En termes de servitude volontaire, nous avons atteint les six milliards. En termes de critique, nous sommes à zéro. Il est presque incroyable d’entendre des soupirs de nostalgie vis-à-vis du mouvement anarchiste du passé lointain être accompagnés des foudres contre ceux qui continuent aujourd’hui à «  faire des polémiques  ». Quiconque se donnerait la peine de feuilleter la presse subversive du passé, ce glorieux passé tant regretté, découvrirait que la très grande majorité de l’espace était dédiée à des polémiques d’une violence presque brutale, (par rapport auxquelles celles d’aujourd’hui sont rares et d’inoffensifs passe-temps). Cela ne donne-t-il pas à réfléchir aux œcuménistes actuels  ? Ce n’est pas le débat fervent qui est la cause de la misérable situation dans laquelle verse aujourd’hui le mouvement, mais plutôt le débat éteint, déserté, absent. La furie qui déborde des vieux journaux anarchistes est l’expression de la vitalité de ce mouvement, composé d’êtres humains en chair et en os, prêts à se battre pour leurs idées jusqu’à la mort. Le calme qui trône (et qui est exigé) aujourd’hui est l’expression de l’absence d’idées omniprésente dans le mouvement.

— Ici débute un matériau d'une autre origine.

Lemma L_G_eq (b x y : R) :
  0 < BIrad b x y ->
  Derive (fun t => LBI b x t) y = - y / (16 * sqrt (BIrad b x y)).
Proof.
  intros H; apply is_derive_unique; unfold LBI.
  replace (- y / (16 * sqrt (BIrad b x y)))
    with (- y / 8 / (2 * sqrt (BIrad b x y)))
    by (field; apply sqrt_BIrad_neq0, H).
  exact (is_derive_sqrt_sub_const _ y _ _ (is_derive_BIrad_G b x y) H).
Qed.

Lemma L_F_near_F (b x y : R) :
  0 < BIrad b x y ->
  locally x (fun t => L_F b t y = b ^ 2 / 4 * / sqrt (BIrad b t y)).
Proof.
  intros H; eapply filter_imp; [| exact (BIrad_pos_near_F b x y H)].
  intros t Ht; rewrite L_F_eq by exact Ht; field; apply sqrt_BIrad_neq0, Ht.
Qed.

Lemma L_F_near_G (b x y : R) :
  0 < BIrad b x y ->
  locally y (fun t => L_F b x t = b ^ 2 / 4 * / sqrt (BIrad b x t)).
Proof.
  intros H; eapply filter_imp; [| exact (BIrad_pos_near_G b x y H)].
  intros t Ht; rewrite L_F_eq by exact Ht; field; apply sqrt_BIrad_neq0, Ht.
Qed.

Lemma L_FF_eq (b x y : R) :
  0 < BIrad b x y -> L_FF b x y = - b ^ 4 / (16 * sqrt (BIrad b x y) ^ 3).
Proof.
  intros H; unfold L_FF.
  rewrite (Derive_ext_loc _ (fun t => b ^ 2 / 4 * / sqrt (BIrad b t y)))
    by exact (L_F_near_F b x y H).
  apply is_derive_unique.
  replace (- b ^ 4 / (16 * sqrt (BIrad b x y) ^ 3))
    with (b ^ 2 / 4 * (- (b ^ 2 / 2) / (2 * sqrt (BIrad b x y) ^ 3)))
    by (field; apply sqrt_BIrad_neq0, H).
  apply is_derive_scal, (is_derive_inv_sqrt (fun t => BIrad b t y));
    [apply is_derive_BIrad_F | exact H].
Qed.

Lemma L_FG_eq (b x y : R) :
  0 < BIrad b x y -> L_FG b x y = b ^ 2 * y / (64 * sqrt (BIrad b x y) ^ 3).
Proof.
  intros H; unfold L_FG.
  rewrite (Derive_ext_loc _ (fun t => b ^ 2 / 4 * / sqrt (BIrad b x t)))
    by exact (L_F_near_G b x y H).
  apply is_derive_unique.
  replace (b ^ 2 * y / (64 * sqrt (BIrad b x y) ^ 3))
    with (b ^ 2 / 4 * (- (- y / 8) / (2 * sqrt (BIrad b x y) ^ 3)))
    by (field; apply sqrt_BIrad_neq0, H).
  apply is_derive_scal, (is_derive_inv_sqrt (fun t => BIrad b x t));
    [apply is_derive_BIrad_G | exact H].
Qed.

Lemma L_GG_eq (b x y : R) :
  0 < BIrad b x y ->
  L_GG b x y = - / (16 * sqrt (BIrad b x y)) - y ^ 2 / (256 * sqrt (BIrad b x y) ^ 3).
Proof.
  intros H; unfold L_GG.
  rewrite (Derive_ext_loc _ (fun t => - t / 16 * / sqrt (BIrad b x t))).
  2:{ eapply filter_imp; [| exact (BIrad_pos_near_G b x y H)].
      intros t Ht; rewrite L_G_eq by exact Ht; field; apply sqrt_BIrad_neq0, Ht. }
  apply is_derive_unique.
  replace (- / (16 * sqrt (BIrad b x y)) - y ^ 2 / (256 * sqrt (BIrad b x y) ^ 3))
    with (- / 16 * / sqrt (BIrad b x y)
          + - y / 16 * (- (- y / 8) / (2 * sqrt (BIrad b x y) ^ 3)))
    by (field; apply sqrt_BIrad_neq0, H).
  apply (Derive.is_derive_mult (fun t => - t / 16) (fun t => / sqrt (BIrad b x t))).
  - auto_derive; [easy | field].
  - apply (is_derive_inv_sqrt (fun t => BIrad b x t));
      [apply is_derive_BIrad_G | exact H].
Qed.

Lemma BIrad_pos_neq0 (b x y : R) : 0 < BIrad b x y -> b <> 0.
Proof. intros H ->; unfold BIrad in H; nra. Qed.

Lemma BI_partials (b x y : R) :
  0 < BIrad b x y ->
  exists s, 0 < s /\ b <> 0 /\ x = 2 * (s ^ 2 - b ^ 4 + y ^ 2 / 16) / b ^ 2 /\
    L_F b x y = b ^ 2 / (4 * s) /\ L_FF b x y = - b ^ 4 / (16 * s ^ 3) /\
    L_FG b x y = b ^ 2 * y / (64 * s ^ 3) /\
    L_GG b x y = - / (16 * s) - y ^ 2 / (256 * s ^ 3).
Proof.
  intros H; exists (sqrt (BIrad b x y)).
  pose proof (BIrad_pos_neq0 b x y H) as Hb.
  pose proof (sqrt_sqrt _ (Rlt_le _ _ H)) as Hs2.
  repeat split.
  - apply sqrt_lt_R0, H.
  - exact Hb.
  - replace (sqrt (BIrad b x y) ^ 2) with (BIrad b x y) by (simpl; lra).
    unfold BIrad; field; exact Hb.
  - apply L_F_eq, H.
  - apply L_FF_eq, H.
  - apply L_FG_eq, H.
  - apply L_GG_eq, H.
Qed.

Lemma BI_Omegas_vanish (b x y : R) :
  0 < BIrad b x y -> Omega1 b x y = 0 /\ Omega2 b x y = 0 /\ Omega3 b x y = 0.
Proof.
  intros H; unfold Omega1, Omega2, Omega3.
  destruct (BI_partials b x y H) as (s & Hs & Hb & Hx & -> & -> & -> & ->).
  subst x; repeat split; field; lra.
Qed.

«  Dans la mesure où elle augmente notre capacité et notre volonté d’autocritique, elle élève également le niveau de notre critique  », disait quelqu’un. Le contraire est tout aussi vrai  : le niveau de notre autocritique s’abaisse dans la mesure où s’abaissent notre capacité et notre volonté de critique. Un regard critique est un regard qui veut améliorer et s’améliorer. Pour cela il ne cherche pas les qualités dont se féliciter, mais les défauts sur lesquels s’interroger. N’importe où, partout, chez quiconque. Un regard vaniteux et apologétique déteste les défauts. Il n’a d’yeux que pour les qualités. Il ne veut rien améliorer, il veut se complaire, se contempler, se faire reconnaître et aduler. Ne cherchant pas les défauts, il tend à ne développer aucune faculté critique. Ni vers les autres, ni vers lui-même.

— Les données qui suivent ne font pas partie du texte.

(* Assume $c_1c_2<1$ (in addition to $a_ia_j<1$, $a_ic_1<1$, $a_ic_2<1$). Let $\mathcal P$ be the horizontal path with vertices $(k+j,k)$, $0\le j\le N$, and labels $\boldsymbol b=(b_1,\dots,b_N)$, $b_j=a_{k+j}$. Then the probability mass function $\mathrm P^{\mathcal P}$ on $\mathbb Z^N$ coincides with $\mathrm P^{\boldsymbol b,c_1,c_2}_{\mathrm{stat\,Geo}}$.
   Context: Parameters: $N\ge1$, $a_1,\dots,a_N\in(0,1)$, $c_1,c_2>0$, indices of $a$ taken mod $N$. For the horizontal path, for $\boldsymbol\lambda=(\lambda_i^{(j)})_{i\in\{1,2\},0\le j\le N}\in\mathbb Z^{2N+2}$ define $$\mathrm{wt}^{\mathcal{GP}}(\boldsymbol\lambda)=c_1^{\lambda_1^{(0)}-\lambda_2^{(0)}}c_2^{\lambda_1^{(N)}-\lambda_2^{(N)}}\prod_{j=1}^N\Big[\prod_{i=1}^2b_j^{\lambda_i^{(j)}-\lambda_i^{(j-1)}}\mathbf 1\{\lambda_i^{(j)}\ge\lambda_i^{(j-1)}\}\Big]\mathbf 1\{\lambda_1^{(j-1)}\ge\lambda_2^{(j)}\},$$ $\mathrm{wt}^{\mathcal P}(\boldsymbol\lambda_1)=\sum_{\boldsymbol\lambda_2\in\mathbb Z^{N+1}}\mathrm{wt}^{\mathcal{GP}}(\boldsymbol\lambda_1,\boldsymbol\lambda_2)$, $Z=\sum_{\lambda_1^{(1)},\dots,\lambda_1^{(N)}\in\mathbb Z}\mathrm{wt}^{\mathcal P}(\boldsymbol\lambda_1)$ for fixed $\lambda_1^{(0)}$ (finite, independent of $\lambda_1^{(0)}$ when $c_1c_2<1$), and $\mathrm P^{\mathcal P}(\mathbf L_1)=\mathrm{wt}^{\mathcal P}(\boldsymbol\lambda_1)/Z$ where $L_1(j)=\lambda_1^{(j)}-\lambda_1^{(0)}$. $\mathbb P^{\boldsymbol b,\boldsymbol b}_{\mathrm{GRW}}$: law of two independent walks $\mathbf L_1,\mathbf L_2$ with $L_i(0)=0$ and independent increments $L_i(j)-L_i(j-1)\sim\mathrm{Geom}(b_j)$ ($\mathbb P(\mathrm{Geom}(q)=n)=(1-q)q^n$). $V(\mathbf L)=(c_1c_2)^{\max_{1\le j\le N}(L_2(j)-L_1(j-1))}c_2^{L_1(N)-L_2(N)}$, $\mathbb P^{\boldsymbol b,c_1,c_2}_{\mathrm{stat\,Geo}}=V\,\mathbb P^{\boldsymbol b,\boldsymbol b}_{\mathrm{GRW}}/\mathbb E^{\boldsymbol b,\boldsymbol b}_{\mathrm{GRW}}[V]$, and $\mathrm P^{\boldsymbol b,c_1,c_2}_{\mathrm{stat\,Geo}}$ is the marginal law of $\mathbf L_1$. *)

From HB Require Import structures.
From mathcomp Require Import all_boot all_order all_algebra.
From mathcomp Require Import all_classical all_reals.
From mathcomp Require Import ereal esum.
Unset Printing Implicit Defensive.
Import Order.TTheory GRing.Theory Num.Theory.
Local Open Scope ring_scope.

(* Paths are functions nat -> int; only indices 0..N are used.
   b : nat -> R gives the labels b_1..b_N (b 0 unused). *)

Section Defs.
Variable R : realType.

Definition ext0 {n : nat} (v : 'I_n -> int) (j : nat) : int :=
  match (insub j : option 'I_n) with Some i => v i | None => 0 end.

(* the path x0, v_1, ..., v_N  (v : 'I_N, v i = value at index i+1) *)
Definition path_of {n : nat} (x0 : int) (v : 'I_n -> int) (j : nat) : int :=
  if j is j'.+1 then ext0 v j' else x0.

Definition wtGP (N : nat) (b : nat -> R) (c1 c2 : R) (l1 l2 : nat -> int) : R :=
  c1 ^ (l1 0%N - l2 0%N) * c2 ^ (l1 N - l2 N) *
  \prod_(1 <= j < N.+1)
     ( (b j ^ (l1 j - l1 j.-1) * ((l1 j.-1 <= l1 j)%R : bool)%:R)
     * (b j ^ (l2 j - l2 j.-1) * ((l2 j.-1 <= l2 j)%R : bool)%:R)
     * ((l2 j <= l1 j.-1)%R : bool)%:R ).

Definition wtP (N : nat) (b : nat -> R) (c1 c2 : R) (l1 : nat -> int) : \bar R :=
  \esum_(v in [set: {ffun 'I_N.+1 -> int}]) (wtGP N b c1 c2 l1 (ext0 v))%:E.

Definition PZ (N : nat) (b : nat -> R) (c1 c2 : R) (x0 : int) : \bar R :=
  \esum_(v in [set: {ffun 'I_N -> int}]) wtP N b c1 c2 (path_of x0 v).

Definition PP (N : nat) (b : nat -> R) (c1 c2 : R) (x0 : int)
    (L1 : {ffun 'I_N -> int}) : R :=
  fine (wtP N b c1 c2 (path_of x0 (fun i => x0 + L1 i)))
    / fine (PZ N b c1 c2 x0).

Definition geom_pmf (q : R) (n : int) : R := ((0 <= n)%R : bool)%:R * ((1 - q) * q ^ n).

Definition PGRW (N : nat) (b : nat -> R) (L1 L2 : nat -> int) : R :=
  \prod_(1 <= j < N.+1)
     (geom_pmf (b j) (L1 j - L1 j.-1) * geom_pmf (b j) (L2 j - L2 j.-1)).

Definition Vfun (N : nat) (c1 c2 : R) (L1 L2 : nat -> int) : R :=
  (c1 * c2) ^ (\big[Num.max/(L2 1%N - L1 0%N)]_(1 <= j < N.+1) (L2 j - L1 j.-1))
  * c2 ^ (L1 N - L2 N).

Definition EV (N : nat) (b : nat -> R) (c1 c2 : R) : \bar R :=
  \esum_(w in [set: {ffun 'I_N -> int} * {ffun 'I_N -> int}])
     (Vfun N c1 c2 (path_of 0 w.1) (path_of 0 w.2)
        * PGRW N b (path_of 0 w.1) (path_of 0 w.2))%:E.

Definition PstatGeo (N : nat) (b : nat -> R) (c1 c2 : R)
    (L1 : {ffun 'I_N -> int}) : R :=
  fine (\esum_(v in [set: {ffun 'I_N -> int}])
          (Vfun N c1 c2 (path_of 0 L1) (path_of 0 v)
             * PGRW N b (path_of 0 L1) (path_of 0 v))%:E)
    / fine (EV N b c1 c2).

End Defs.

Arguments wtGP {R}. Arguments wtP {R}. Arguments PZ {R}. Arguments PP {R}.
Arguments geom_pmf {R}. Arguments PGRW {R}. Arguments Vfun {R}. Arguments EV {R}.
Arguments PstatGeo {R}.

From HB Require Import structures.
From mathcomp Require Import all_boot all_order all_algebra.
From mathcomp Require Import all_classical all_reals.
From mathcomp Require Import ereal topology normedtype sequences esum.
From mathcomp Require Import zify ring.
Import Order.TTheory GRing.Theory Num.Theory numFieldNormedType.Exports.
Local Open Scope ring_scope.
Local Open Scope classical_set_scope.

(* Write lambda_1 = x0 + L1 and lambda_2 = x0 - s + L2 with L1(0) = L2(0) = 0,
   so that s = lambda_1^(0) - lambda_2^(0).  The interlacing constraints
   lambda_2^(j) <= lambda_1^(j-1) then say exactly that s >= M, where
   M = max_j (L2(j) - L1(j-1)) is the exponent of c1 c2 in V, and wt^GP becomes
   1{M <= s} (c1 c2)^(s - M) V(L1, L2) P_GRW(L1, L2) / prod_j (1 - b_j)^2.
   Summing the geometric series over s gives the factor (1 - c1 c2)^-1, so
   wt^P(lambda_1) and Z are one and the same multiple of the L1-marginal of
   V P_GRW and of E_GRW[V]: their ratio is P_statGeo.  E_GRW[V] is finite because
   V <= max(1, c2)^L1(N) max(1, c1)^L2(N) on nondecreasing paths, which bounds it
   by a product of geometric sums that converge since b_j c_i < 1. *)

Section esum_extras.
Context {R : realType}.
Local Open Scope ereal_scope.

Lemma esumZl (T : choiceType) (S : set T) (c : R) (a : T -> \bar R) :
  (0 <= c)%R -> (forall i, S i -> 0 <= a i) ->
  \esum_(i in S) (c%:E * a i) = c%:E * \esum_(i in S) a i.
Proof.
move=> c0 a0; rewrite /esum -ereal_supZl //; last first.
  by apply/set0P; exists 0; exists set0; rewrite ?fsbig_set0 //; exact: fsets_set0.
have sumZ A : fsets S A -> \sum_(x \in A) (c%:E * a x) = c%:E * \sum_(x \in A) a x.
  move=> [finA AS]; rewrite !fsbig_finite //= big_seq [X in _ * X]big_seq.
  by rewrite ge0_sume_distrr // => x; rewrite in_fset_set // inE => /AS; exact: a0.
congr (ereal_sup _); apply/seteqP; split => [_ [A SA <-]|_ [_ [A SA <-] <-]].
  by exists (\sum_(x \in A) a x); [exists A|rewrite sumZ].
by exists A; rewrite ?sumZ.
Qed.

Lemma esum_pair {A B : choiceType} (f : A -> B -> \bar R) :
  (forall x y, 0 <= f x y) ->
  \esum_(p in [set: A * B]) f p.1 p.2 =
  \esum_(x in [set: A]) \esum_(y in [set: B]) f x y.
Proof.
move=> f0; rewrite esum_esum //.
by congr (esum _ _); apply/seteqP; split.
Qed.

Lemma esum_pairM {A B : choiceType} {f : A -> R} {g : B -> R} {kf kg : R} :
  (forall x, 0 <= f x)%R -> (forall y, 0 <= g y)%R ->
  \esum_(x in [set: A]) (f x)%:E = kf%:E ->
  \esum_(y in [set: B]) (g y)%:E = kg%:E ->
  \esum_(p in [set: A * B]) (f p.1 * g p.2)%:E = (kf * kg)%:E.
Proof.
move=> f0 g0 sf sg.
have kg0 : (0 <= kg)%R by rewrite -lee_fin -sg esum_ge0 // => y _; rewrite lee_fin.
rewrite (esum_pair (fun x y => (f x * g y)%:E)) => [|x y]; last by rewrite lee_fin mulr_ge0.
transitivity (\esum_(x in [set: A]) (kg%:E * (f x)%:E)).
  apply: eq_esum => x _; under eq_esum do rewrite EFinM.
  rewrite esumZl ?sg 1?muleC // => y _; exact: g0.
by rewrite esumZl ?sf -?EFinM 1?mulrC // => x _; exact: f0.
Qed.

Lemma esum_int_translate (f : int -> \bar R) (m : int) :
  \esum_(s in [set: int]) f (s - m)%R = \esum_(s in [set: int]) f s.
Proof.
rewrite [RHS](reindex_esum [set: int] [set: int] (fun s => s - m)%R) //.
by rewrite setTT_bijective; exists (fun s => s + m)%R => s; rewrite ?subrK ?addrK.
Qed.

Lemma esum_geometric (q : R) : (0 <= q < 1)%R ->
  \esum_(n in [set: nat]) (q ^+ n)%:E = ((1 - q)^-1)%:E.
Proof.
move=> /andP[q0 q1]; have q_lt1 : (`|q| < 1)%R by rewrite ger0_norm.
rewrite -nneseries_esumT => [|n]; last by rewrite lee_fin exprn_ge0.
have -> : (fun n => \sum_(0 <= i < n) (q ^+ i)%:E) = EFin \o series (geometric 1 q).
  apply/funext => n /=; rewrite /series /= sumEFin; congr (_%:E).
  by apply: eq_bigr => i _; rewrite /geometric /= mul1r.
rewrite EFin_lim; last exact: is_cvg_geometric_series.
rewrite (cvg_lim _ (@cvg_geometric_series _ 1%R _ q_lt1)) //; congr (_%:E); exact: mul1r.
Qed.

Lemma esum_geometric_int (q : R) (m : int) : (0 <= q < 1)%R ->
  \esum_(s in [set: int]) (((m <= s)%R%:R * q ^ (s - m))%R)%:E = ((1 - q)^-1)%:E.
Proof.
move=> q01; under eq_esum => s _ do rewrite -(subr_ge0 m s).
rewrite (esum_int_translate (fun t => (((0 <= t)%R%:R * q ^ t)%R)%:E)).
rewrite -esum_geometric // -(esum_image setT Posz (fun t => (q ^ t)%:E)) => [|a b _ _ []//].
rewrite [RHS]esum_mkcond; apply: eq_esum => -[n|n] _.
  by rewrite mul1r ifT // inE; exists n.
by rewrite mul0r ifF //; apply/negbTE/negP; rewrite inE => -[].
Qed.
Local Close Scope ereal_scope.

Lemma fineZl (c : R) (x : \bar R) : fine (c%:E * x)%E = c * fine x.
Proof.
case: x => [r| |] //=; rewrite mulr0 1?mulry 1?mulrNy;
  by case: sgrP => _; rewrite ?mul0e ?mul1e // EFinN mulN1e.
Qed.

Lemma geom_pmf_ge0 (q : R) (n : int) : 0 <= q <= 1 -> 0 <= geom_pmf q n.
Proof. by case/andP=> q0 q1; rewrite mulr_ge0 ?mulr_ge0 ?exprz_ge0 ?subr_ge0. Qed.

Lemma esum_exprz_geom_pmf (q d : R) : 0 < q < 1 -> 0 < d -> q * d < 1 ->
  (\esum_(t in [set: int]) (d ^ t * geom_pmf q t)%:E = ((1 - q) / (1 - q * d))%:E)%E.
Proof.
move=> /andP[q0 q1] d0 qd1.
transitivity (\esum_(t in [set: int])
    ((1 - q)%:E * (((0 <= t)%R%:R * (q * d) ^ (t - 0))%R)%:E))%E.
  apply: eq_esum => t _; rewrite -EFinM subr0 exprzMl ?unitfE ?gt_eqF //.
  by rewrite /geom_pmf; congr (_%:E); ring.
rewrite esumZl ?esum_geometric_int -?EFinM ?subr_ge0 ?mulr_ge0 ?ltW //.
by move=> t _; rewrite lee_fin mulr_ge0 ?ler0n ?exprz_ge0 ?mulr_ge0 ?ltW.
Qed.

End esum_extras.

Lemma prodr_all (R : pzSemiRingType) (I : Type) (r : seq I) (p : pred I) :
  \prod_(i <- r) ((p i)%:R : R) = (all p r)%:R.
Proof.
elim: r => [|i r IHr]; rewrite ?big_nil ?big_cons //= IHr.
by case: (p i); rewrite ?mul1r ?mul0r.
Qed.

Lemma exprz_le_max1 (F : realFieldType) (c : F) (e E : int) :
  0 < c -> 0 <= e <= E -> c ^ e <= Num.max 1 c ^ E.
Proof.
case: e => [m|//]; case: E => [n|//] c0 /andP[_]; rewrite lez_nat => mn.
have d1 : 1 <= Num.max 1 c by rewrite le_max lexx.
have cd : c <= Num.max 1 c by rewrite le_max lexx orbT.
rewrite -!exprnP; apply: le_trans (ler_weXn2l d1 mn).
by apply: lerXn2r; rewrite ?nnegrE ?(ltW c0) ?(le_trans ler01 d1).
Qed.

Lemma exprz_telescope {F : fieldType} (c : F) (P : nat -> int) n :
  c != 0 -> P 0%N = 0 -> c ^ P n = \prod_(1 <= j < n.+1) c ^ (P j - P j.-1).
Proof.
move=> c0 P0; elim: n => [|n IHn]; first by rewrite big_geq // P0 expr0z.
by rewrite big_nat_recr //= -IHn -expfzDr // subrKC.
Qed.

Lemma ext0_ord {n} (v : 'I_n -> int) (i : 'I_n) : ext0 v i = v i.
Proof. by rewrite /ext0 valK. Qed.

Lemma ext0_lt {n} (v : 'I_n -> int) {j} (jn : (j < n)%N) : ext0 v j = v (Ordinal jn).
Proof. by rewrite /ext0 insubT. Qed.

Lemma path_of_translate n x0 (v : 'I_n -> int) j : (j <= n)%N ->
  path_of x0 (fun i => x0 + v i) j = x0 + path_of 0 v j.
Proof. by case: j => [|j] jn /=; rewrite ?addr0 // !(ext0_lt _ jn). Qed.

Definition rcons_ffun {n} (p : {ffun 'I_n -> int} * int) : {ffun 'I_n.+1 -> int} :=
  [ffun i : 'I_n.+1 => if (i < n)%N then ext0 p.1 i else p.2].

Lemma rcons_ffun_bij n : bijective (@rcons_ffun n).
Proof.
exists (fun f : {ffun 'I_n.+1 -> int} => ([ffun i => f (widen_ord (leqnSn n) i)], f ord_max)).
  move=> [w t]; congr pair; last by rewrite ffunE /= ltnn.
  by apply/ffunP => i; rewrite !ffunE /= ltn_ord ext0_ord.
move=> f; apply/ffunP => i; rewrite !ffunE.
case: ltnP => [i_lt|i_ge].
  by rewrite (ext0_lt _ i_lt) ffunE; congr (f _); apply: val_inj.
by congr (f _); apply: val_inj; apply/eqP; rewrite eqn_leq i_ge -ltnS ltn_ord.
Qed.

Lemma path_of_rcons_ffun n (p : {ffun 'I_n -> int} * int) j : (j <= n)%N ->
  path_of 0 (rcons_ffun p) j = path_of 0 p.1 j.
Proof.
by case: j => [|j] //= jn; rewrite (ext0_lt _ (leqW jn)) ffunE /= jn.
Qed.

Lemma path_of_rcons_ffun_last n (p : {ffun 'I_n -> int} * int) :
  path_of 0 (rcons_ffun p) n.+1 = p.2.
Proof. by rewrite /= (ext0_lt _ (ltnSn n)) ffunE /= ltnn. Qed.

Definition translated_path {n} (x0 : int) (p : {ffun 'I_n -> int} * int) :
  {ffun 'I_n.+1 -> int} := [ffun i : 'I_n.+1 => x0 - p.2 + path_of 0 p.1 i].

Lemma translated_path_bij n x0 : bijective (@translated_path n x0).
Proof.
exists (fun f : {ffun 'I_n.+1 -> int} =>
  ([ffun j : 'I_n => f (lift ord0 j) - f ord0], x0 - f ord0)).
  move=> [w s]; congr pair; last by rewrite ffunE /=; ring.
  by apply/ffunP => j; rewrite !ffunE /= ext0_ord; ring.
move=> f; apply/ffunP => -[[|k] kn]; rewrite !ffunE /=.
  by rewrite (_ : Ordinal kn = ord0) //; [ring | exact: val_inj].
have kn' : (k < n)%N := kn.
rewrite (ext0_lt _ kn') ffunE (_ : lift ord0 _ = Ordinal kn); first by ring.
exact: val_inj.
Qed.

Lemma ext0_translated_path n x0 (p : {ffun 'I_n -> int} * int) j : (j <= n)%N ->
  ext0 (translated_path x0 p) j = x0 - p.2 + path_of 0 p.1 j.
Proof. by move=> jn; rewrite (ext0_lt _ (jn : (j < n.+1)%N)) ffunE. Qed.

Lemma eq_wtGP {R : realType} {N} {b : nat -> R} {c1 c2 : R} {l1 l1' l2 l2' : nat -> int} :
  {in [pred j | (j <= N)%N], l1 =1 l1'} -> {in [pred j | (j <= N)%N], l2 =1 l2'} ->
  wtGP N b c1 c2 l1 l2 = wtGP N b c1 c2 l1' l2'.
Proof.
move=> e1 e2; rewrite /wtGP !e1 ?e2 ?inE //; congr (_ * _).
apply: eq_big_nat => j /andP[_ jN].
have jN' : (j.-1 <= N)%N by rewrite (leq_trans (leq_pred j)).
by rewrite !e1 ?e2.
Qed.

Dans une photo prise pendant la révolution espagnole, on voit certaines personnes devant un étal de livres. Des enfants, des jeunes, des vieux. Des générations entières, les yeux brillants devant ces objets magiques, ayant accouru vers l’idée qui donnait un sens à la vie. Aujourd’hui, au cours des initiatives les étals de livres sont ignorés par les compagnons, utilisés pour y poser les bouteilles de bière. Avec le dépérissement de la conscience, dépérit aussi la conscience. Quand on ne possède plus la capacité de critiquer (et donc d’auto-critiquer), il est évident que diminue également la volonté – et vice versa. Quand elle n’est pas alimentée, la pensée critique s’atrophie et disparaît.
À sa place surgit la rhétorique, cette déclamation pompeuse, vide et mobilisatrice qui est en train de se diffuser un peu partout. La rhétorique ne bouscule pas avec des observations acérées, elle caresse avec des expressions envoûtantes. Voilà pourquoi elle est bien accueillie par tous, parce qu’elle ne met rien en discussion. Elle incite à aller de l’avant sans se poser d’interrogations, c’est-à-dire sans penser. Qu’y a-t-il de plus gratifiant, s’entendre dire «  tu as fait une erreur  » ou bien «  tu es beau comme le soleil  »  ? Il n’y a aucun doute. Voilà pourquoi le succès de la rhétorique est assuré, tout comme l’hostilité pour la critique. Pourtant il n’y a que la critique qui fasse grandir, dans le meilleur des cas la rhétorique fait gonfler, elle fait planer tant qu’on a le vent en poupe.